Member of the New South Wales Legislative Council
- In office 30 August 1921 – 20 November 1924

Personal details
- Born: John Maurice Power 15 December 1883 South Hay, New South Wales, Australia
- Died: 13 January 1925 (aged 41) Glenbrook, New South Wales, Australia
- Party: Labor
- Spouses: ; Alice Duggan ​ ​(m. 1911; died 1913)​ ; Stella Horrigan ​(m. 1918)​
- Occupation: Drayman, farmhand, pastrycook, taxi driver, tobacconist

= Jack Power (politician) =

Australian politician

John Maurice Power (15 December 1883 – 13 January 1925) was an Australian trade unionist and politician. He was a member of the Australian Labor Party (ALP) and was appointed to the Senate to fill a casual vacancy in 1924, after previously serving as mayor of Paddington (1917–1918), ALP state president (1921–1923), and on the New South Wales Legislative Council (1921–1924). However, he died two months after his appointment at the age of 41, without taking his seat in parliament.

==Early life==
Power was born on 15 December 1883 in South Hay, New South Wales. He was the fifth child of Irish immigrant parents Maria (née Toohey) and John Maurice Power. The family relocated to Sydney during his childhood. Power held a variety of occupations before embarking on a full-time political career. He worked variously as a drayman, farmhand, pastrycook, taxi driver and tobacconist. He was president of the Pastrycooks' Union and was commissioned as a justice of the peace in 1913.

==Career==
Power's involvement with the ALP began at a young age, and from 1910 he was a regular delegate to state conferences. He was elected president of the Paddington branch in 1912 and subsequently won election to the Paddington Municipal Council in 1914, later serving a term as mayor from 1917 to 1918. He was an anti-conscriptionist and remained loyal to the ALP during the 1916 party split. Power was elected state president of the ALP in 1921, having first been elected to the state executive in 1917. He held the position until 1923, when he replaced William Albion Gibbs as editor of The Labor News.
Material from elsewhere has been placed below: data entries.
Lemma omega_branches e : omega n p d0 e =
  if csq (f1 n p d0).[e] + csq (f2 n p).[e] != 0 then omega_branch e
  else omega_branch (conjc e).
Proof.
rewrite /omega /omega_branch; case: ifP => // _; rewrite conjcK.
have -> : Complex (complex.Im (conjc e)) 0 = - Complex (complex.Im e) 0.
  by case: e => a b; apply/eqP; rewrite eq_complex /= oppr0 !eqxx.
rewrite !mulrN qofCN mulNr opprK.
by congr (qofC (_ * _) + _); rewrite addrC.
Qed.

Lemma omega_branch_quatC e :
  let F1 := (f1 n p d0).[e] in let F2 := (f2 n p).[e] in
  let D := F1 * conjc F1 + F2 * conjc F2 in
  omega_branch e = quatC (D^-1 * (F2 * conjc F2 * e + F1 * conjc F1 * conjc e))
                         (- (D^-1 * (F2 * conjc F1 * (e - conjc e)))).
Proof.
rewrite /omega_branch /csq !qofC_quatC qk_quatC quatCM quatCN quatCD.
rewrite subcJ -[Complex (complex.Im e) 0]/((complex.Im e)%:C) !conjcE.
by congr quatC; ring.
Qed.

Lemma omega_branch_spec e : complex.Im e != 0 -> root (ptilde n p d0) e ->
  csq (f1 n p d0).[e] + csq (f2 n p).[e] != 0 ->
  [/\ qa (omega_branch e) = complex.Re e, qnorm2 (omega_branch e) = cnorm2 e
    & qzero_of n c (omega_branch e)].
Proof.
move=> enr; have ee := complex_quadratic e.
rewrite /root (horner_ptilde _ _ _ ee) omega_branch_quatC /csq.
rewrite (horner_f1 _ _ _ ee) (horner_f2 _ _ d0 ee).
set P1 := qt1 (P _ _); set P2 := qt2 (P _ _); set Q1 := qt1 (Q _ _); set Q2 := qt2 (Q _ _).
move=> /eqP root_e Dnz.
have root_eJ : conjc (P1 * e + Q1) * (P1 * conjc e + Q1) +
               conjc (P2 * e + Q2) * (P2 * conjc e + Q2) = 0.
  by move: (congr1 conjc root_e); rewrite rmorph0 !conjcE => <-; ring.
have [h1 h2 h3 h4] := omega_solution Dnz root_eJ.
have [qaX NX zX] := solution_in_class h1 h2 h3 h4.
by split=> //; apply/qzero_ofE; rewrite qaX NX.
Qed.

Lemma horner_f1bar_conjc e : (f1bar n p d0).[e] = conjc (f1 n p d0).[conjc e].
Proof.
rewrite (horner_f1bar _ _ _ (complex_quadratic e)).
by rewrite (horner_f1 _ _ _ (complex_quadraticJ e)) !conjcE.
Qed.

Lemma horner_f2bar_conjc e : (f2bar n p).[e] = conjc (f2 n p).[conjc e].
Proof.
rewrite (horner_f2bar _ _ d0 (complex_quadratic e)).
by rewrite (horner_f2 _ _ d0 (complex_quadraticJ e)) !conjcE.
Qed.

Lemma horner_ptilde_conjc e : (ptilde n p d0).[conjc e] = conjc (ptilde n p d0).[e].
Proof.
rewrite (horner_ptilde _ _ _ (complex_quadratic e)).
by rewrite (horner_ptilde _ _ _ (complex_quadraticJ e)) !conjcE mulrC [in X in _ + X]mulrC.
Qed.

Lemma omega_spec e : complex.Im e != 0 -> root (ptilde n p d0) e -> ~ inT1 n p d0 e ->
  [/\ qa (omega n p d0 e) = complex.Re e, qnorm2 (omega n p d0 e) = cnorm2 e
    & qzero_of n c (omega n p d0 e)].
Proof.
move=> enr root_e notT1; rewrite omega_branches; case: ifPn => [|/negPn/eqP D0].
  exact: omega_branch_spec.
have [F1 F2] := mulcJ_addr_eq0 D0.
have DJnz : csq (f1 n p d0).[conjc e] + csq (f2 n p).[conjc e] != 0.
  apply/eqP => /mulcJ_addr_eq0[G1 G2]; apply: notT1.
  by split; rewrite ?horner_f1bar_conjc ?horner_f2bar_conjc ?F1 ?F2 ?G1 ?G2 ?rmorph0.
have eJnr : complex.Im (conjc e) != 0 by rewrite Im_conjc oppr_eq0.
have root_eJ : root (ptilde n p d0) (conjc e).
  by rewrite /root horner_ptilde_conjc (eqP root_e) rmorph0.
by rewrite -Re_conjc -cnorm2_conjc; exact: omega_branch_spec.
Qed.

Lemma qzero_unique_in_class x y : qzero_of n c x -> qzero_of n c y ->
  qa x = qa y -> qnorm2 x = qnorm2 y -> P (qa x) (qnorm2 x) != 0 -> x = y.
Proof.
move=> /qzero_ofE zx /qzero_ofE zy ax Nx Pnz; rewrite -ax -Nx in zy.
have Pu : P (qa x) (qnorm2 x) \is a GRing.unit by rewrite qunitE.
apply: (mulrI Pu); apply: (addIr (Q (qa x) (qnorm2 x))).
by rewrite zx zy.
Qed.

End Omega.

Section Representatives.
Variable R : rcfType.
Local Notation H := (quat R).
Local Notation C := R[i].
Implicit Types (x : H) (e : C).
Variables (n : nat) (p : nat -> H) (d0 : R) (S : seq C).
Local Notation c := (qcoefs p d0).
Hypothesis reps : nonreal_reps (ptilde n p d0) S.

Lemma rep_root e : e \in S -> root (ptilde n p d0) e /\ complex.Im e != 0.
Proof. by case: reps => _ + _ _; apply. Qed.

Lemma rep_inj e e' : e \in S -> e' \in S ->
  complex.Re e = complex.Re e' -> cnorm2 e = cnorm2 e' -> e = e'.
Proof.
move=> eS e'S Re_eq N_eq; case: (eq_Re_cnorm2 Re_eq N_eq) => // e'J.
by case: reps => _ _ /(_ _ eS); rewrite -e'J e'S.
Qed.

Lemma qim2_rep e x :
  e \in S -> qa x = complex.Re e -> qnorm2 x = cnorm2 e -> qim2 x != 0.
Proof.
move=> /rep_root[_ enr] ax Nx; have -> : qim2 x = qnorm2 x - qa x ^+ 2.
  by rewrite /qim2 /qnorm2; ring.
by rewrite Nx ax /cnorm2 addrC addKr sqrf_eq0.
Qed.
On 30 August 1921, Power was appointed to the New South Wales Legislative Council and served until 20 November 1924. when he was appointed to the Australian Senate to fill the vacancy caused by the death of Senator Allan McDougall. Premier Jack Lang stated that he would retire after completing McDougall's term and would not receive ALP preselection at the next federal election. He died under two months later, necessitating the appointment of NSW ALP Assistant Secretary William Gibbs.

==Personal life==
Power married Alice May Duggan on 21 January 1911, with whom he had one son. He was widowed in 1913 and remarried on 4 November 1918 to Stella Horrigan, with whom he had a second son.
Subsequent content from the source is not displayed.